» WORK ORDER:
Output the data exactly, with every line intact.

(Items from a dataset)
Lemma card_brace_add : #|{: brace_add B}| = #|T|.
Proof. by apply: (@bij_eq_card (brace_add B) T id); exists id. Qed.

Lemma card_brace_mul : #|{: brace_mul B}| = #|T|.
Proof. by apply: (@bij_eq_card (brace_mul B) T id); exists id. Qed.

Lemma ideal_subbrace A : is_ideal B A -> is_subbrace B A.
Proof. by case. Qed.

Lemma subbrace_lambda A : is_subbrace B A -> {in A &, forall a x, lam a x \in A}.
Proof. by move=> [[_ addA oppA] [_ mulA _]] a x Aa Ax; rewrite /blambda addA ?oppA ?mulA. Qed.

Definition add_set (A : {set T}) : {set brace_add B} := (fun x : brace_add B => x : T) @^-1: A.
Definition mul_set (A : {set T}) : {set brace_mul B} := (fun x : brace_mul B => x : T) @^-1: A.

Lemma in_add_set A x : (x \in add_set A) = (x \in A).
Proof. by rewrite inE. Qed.

Lemma in_mul_set A x : (x \in mul_set A) = (x \in A).
Proof. by rewrite inE. Qed.

Lemma card_add_set A : #|add_set A| = #|A|.
Proof. by apply: on_card_preimset; exists id. Qed.

Lemma card_mul_set A : #|mul_set A| = #|A|.
Proof. by apply: on_card_preimset; exists id. Qed.

Lemma add_setS A A' : (add_set A \subset add_set A') = (A \subset A').
Proof. by apply/subsetP/subsetP => sAA' x; have := sAA' x; rewrite !inE. Qed.

Lemma mul_setS A A' : (mul_set A \subset mul_set A') = (A \subset A').
Proof. by apply/subsetP/subsetP => sAA' x; have := sAA' x; rewrite !inE. Qed.

Lemma subbrace_add_group A : is_subbrace B A -> group_set (add_set A).
Proof.
by move=> [[A0 addA oppA] _]; apply/group_setP; split=> [|x y]; rewrite !inE //; apply: addA.
Qed.

Lemma subbrace_mul_group A : is_subbrace B A -> group_set (mul_set A).
Proof.
by move=> [_ [A1 mulA invA]]; apply/group_setP; split=> [|x y]; rewrite !inE //; apply: mulA.
Qed.

Lemma add_set_normal A :
  (forall a, {in A, forall x, add (add a x) (opp a) \in A}) <->
  [set: brace_add B] \subset 'N(add_set A)%g.
Proof.
split=> [nA | /subsetP nA a x Ax].
  apply/subsetP => g _; rewrite inE; apply/subsetP => _ /imsetP[x Ax ->].
  by rewrite inE in Ax *; rewrite conjgE -{2}(invgK g) inE mulgA; apply: nA.
have : ((x : brace_add B) ^ (a : brace_add B)^-1 \in add_set A)%g.
  by rewrite memJ_norm ?nA ?inE.
by rewrite inE conjgE invgK mulgA.
Qed.

Lemma mul_set_normal A :
  (forall a, {in A, forall x, mul (mul a x) (inv a) \in A}) <->
  [set: brace_mul B] \subset 'N(mul_set A)%g.
Proof.
split=> [nA | /subsetP nA a x Ax].
  apply/subsetP => g _; rewrite inE; apply/subsetP => _ /imsetP[x Ax ->].
  by rewrite inE in Ax *; rewrite conjgE -{2}(invgK g) inE mulgA; apply: nA.
have : ((x : brace_mul B) ^ (a : brace_mul B)^-1 \in mul_set A)%g.
  by rewrite memJ_norm ?nA ?inE.
by rewrite inE conjgE invgK mulgA.
Qed.

End BraceTheory.

Section IndexSmallestPrime.
Local Open Scope group_scope.
Variables (T : finType) (B : brace T) (p : nat) (C I J : {set T}).
Hypotheses (p_min : forall q, prime q -> q %| #|T| -> p <= q) (card_T : #|T| = (p * #|C|)%N).
Hypotheses (subC : is_subbrace B C) (idI : is_ideal B I) (idJ : is_ideal B J).
Hypotheses (sIJ : I \subset J) (prime_JI : prime (#|J| %/ #|I|)).
Hypotheses (sIC : I \subset C) (nsJC : ~~ (J \subset C)).
Local Notation add := (badd B).
Local Notation lam := (blambda B).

» OUTPUT FOR THIS TASK:
Lemma card_brace_add : #|{: brace_add B}| = #|T|.
Proof. by apply: (@bij_eq_card (brace_add B) T id); exists id. Qed.

Lemma card_brace_mul : #|{: brace_mul B}| = #|T|.
Proof. by apply: (@bij_eq_card (brace_mul B) T id); exists id. Qed.

Lemma ideal_subbrace A : is_ideal B A -> is_subbrace B A.
Proof. by case. Qed.

Lemma subbrace_lambda A : is_subbrace B A -> {in A &, forall a x, lam a x \in A}.
Proof. by move=> [[_ addA oppA] [_ mulA _]] a x Aa Ax; rewrite /blambda addA ?oppA ?mulA. Qed.

Definition add_set (A : {set T}) : {set brace_add B} := (fun x : brace_add B => x : T) @^-1: A.
Definition mul_set (A : {set T}) : {set brace_mul B} := (fun x : brace_mul B => x : T) @^-1: A.

Lemma in_add_set A x : (x \in add_set A) = (x \in A).
Proof. by rewrite inE. Qed.

Lemma in_mul_set A x : (x \in mul_set A) = (x \in A).
Proof. by rewrite inE. Qed.

Lemma card_add_set A : #|add_set A| = #|A|.
Proof. by apply: on_card_preimset; exists id. Qed.

Lemma card_mul_set A : #|mul_set A| = #|A|.
Proof. by apply: on_card_preimset; exists id. Qed.

Lemma add_setS A A' : (add_set A \subset add_set A') = (A \subset A').
Proof. by apply/subsetP/subsetP => sAA' x; have := sAA' x; rewrite !inE. Qed.

Lemma mul_setS A A' : (mul_set A \subset mul_set A') = (A \subset A').
Proof. by apply/subsetP/subsetP => sAA' x; have := sAA' x; rewrite !inE. Qed.

Lemma subbrace_add_group A : is_subbrace B A -> group_set (add_set A).
Proof.
by move=> [[A0 addA oppA] _]; apply/group_setP; split=> [|x y]; rewrite !inE //; apply: addA.
Qed.

Lemma subbrace_mul_group A : is_subbrace B A -> group_set (mul_set A).
Proof.
by move=> [_ [A1 mulA invA]]; apply/group_setP; split=> [|x y]; rewrite !inE //; apply: mulA.
Qed.

Lemma add_set_normal A :
  (forall a, {in A, forall x, add (add a x) (opp a) \in A}) <->
  [set: brace_add B] \subset 'N(add_set A)%g.
Proof.
split=> [nA | /subsetP nA a x Ax].
  apply/subsetP => g _; rewrite inE; apply/subsetP => _ /imsetP[x Ax ->].
  by rewrite inE in Ax *; rewrite conjgE -{2}(invgK g) inE mulgA; apply: nA.
have : ((x : brace_add B) ^ (a : brace_add B)^-1 \in add_set A)%g.
  by rewrite memJ_norm ?nA ?inE.
by rewrite inE conjgE invgK mulgA.
Qed.

Lemma mul_set_normal A :
  (forall a, {in A, forall x, mul (mul a x) (inv a) \in A}) <->
  [set: brace_mul B] \subset 'N(mul_set A)%g.
Proof.
split=> [nA | /subsetP nA a x Ax].
  apply/subsetP => g _; rewrite inE; apply/subsetP => _ /imsetP[x Ax ->].
  by rewrite inE in Ax *; rewrite conjgE -{2}(invgK g) inE mulgA; apply: nA.
have : ((x : brace_mul B) ^ (a : brace_mul B)^-1 \in mul_set A)%g.
  by rewrite memJ_norm ?nA ?inE.
by rewrite inE conjgE invgK mulgA.
Qed.

End BraceTheory.

Section IndexSmallestPrime.
Local Open Scope group_scope.
Variables (T : finType) (B : brace T) (p : nat) (C I J : {set T}).
Hypotheses (p_min : forall q, prime q -> q %| #|T| -> p <= q) (card_T : #|T| = (p * #|C|)%N).
Hypotheses (subC : is_subbrace B C) (idI : is_ideal B I) (idJ : is_ideal B J).
Hypotheses (sIJ : I \subset J) (prime_JI : prime (#|J| %/ #|I|)).
Hypotheses (sIC : I \subset C) (nsJC : ~~ (J \subset C)).
Local Notation add := (badd B).
Local Notation lam := (blambda B).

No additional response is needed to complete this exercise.